Bill Franklin, chief lobbyist for North Carolina rest homes, thinks advocates like Silberman overestimate the political power of the industry. He says the real obstacle to quality care is that the state doesn’t reimburse rest homes enough to cover the cost of caring for poor residents. Rest homes, Franklin says, cannot afford big campaign contributions — so they focus instead on meeting with legislators who are favorable to the industry.

“The small amount we’ve been able to contribute has not been of great consequence,” he says. “I think our grassroots efforts play a far greater part than any contributions we have made.”

Craig Souza, the chief lobbyist for nursing homes, has no apologies for their big political contributions. “That’s the system,” he says. “We play it fairly and we play it openly. We’re not looking for anybody to do anything but be fair.”

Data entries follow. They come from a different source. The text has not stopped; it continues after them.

Lemma stable_nu_horner g : stable nu Qs g -> g != 0 ->
  ultimately (fun R => nu g = v g.[lin_root R]).
Proof.
move=> /stable_le_qterm [Q0 [hQ0 hst]] g_neq0; exists Q0; split => // R hR hlt.
have [[eQ0 geQ0] [eR _]] := (hst Q0 hQ0 (ole_refl _), hst R hR (olt_le hlt)).
have [c0 hc0] := nu_Qs_fin hQ0; have [c1 hc1] := nu_Qs_fin hR.
have [b hb] : exists b, nu g = Some b.
  by case e: (nu g) (nuQ_neq_None hQ0 g_neq0) => [b|]; [exists b | rewrite eQ0 e].
have geQ0b j : ole (Some b) (qterm g Q0 j) by rewrite -hb.
have hge := qterm_ge_shift hQ0 hR hlt hc0 hc1 geQ0b.
(* Beyond Q0 the terms of positive index exceed nu g, so nu_R(g) is the term of index 0. *)
have [[|i] _ e] := nuQ_attained hR g_neq0; rewrite eR in e.
  by rewrite e /qterm nderivn0 hc1 /= mulr0n oadd0.
have d_gt0 : oag_lt 0 (c1 - c0) by apply: olt_Some_subr_gt0; rewrite -hc0 -hc1.
exfalso; move: (hge i.+1); rewrite -e hb /=; apply/negP.
exact: oag_addr_pmulrn_nle.
Qed.

Lemma F_neq0 : F != 0.
Proof. by case: hF => /monic_neq0. Qed.

Lemma stable_size_lt g : g != 0 -> (size g < size F)%N -> stable nu Qs g.
Proof.
move=> g_neq0 g_small; set c := lead_coef g; set h := c^-1 *: g.
have c_neq0 : c != 0 by rewrite lead_coef_eq0.
have gE : g = c *: h by rewrite /h scalerA mulfV // scale1r.
have sh : size h = size g by rewrite size_scale // invr_eq0.
have [Q0 [hQ0 hst]] : stable nu Qs h.
  have h_monic : h \is monic by apply/monicP; rewrite lead_coefZ mulVf.
  apply: NNPP => unst; case: hF => _ _ /(_ _ h_monic unst).
  by rewrite sh leqNgt g_small.
have [x hx] : exists x, v c = Some x.
  by case e: (v c) => [x|]; [exists x | move/v_eq0: e; move/eqP: c_neq0].
exists Q0; split => // R hR hle; rewrite nuQ_qterm // -sh.
have -> : [seq qterm g R i | i <- iota 0 (size h)] =
          [seq oadd (Some x) (qterm h R i) | i <- iota 0 (size h)].
  by apply: eq_map => i; rewrite /qterm gE nderivnZ hornerZ (valM vV) hx oaddA.
by rewrite ominl_oaddl -nuQ_qterm // hst // gE -mul_polyC (valM nuV) nuC hx.
Qed.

Whether through contributions or contacts, the industry does exert a great deal of pull in the state legislature. “Rest home lobbyists are everywhere,” says one legislative aide who asked not to be identified. According to the aide, lawmakers who tried to question some financial data supplied by an industry lobbyist during a recent request for a rate increase were simply ignored.

Despite such obstacles, advocates for patients and their families say they will keep pressing for reform. “It is stressful when you become aware of the political compromises in the long-term care arena and the enormous power the industry wields,” says Chasson. “You do get burned out — but you just have to keep hammering away at it.”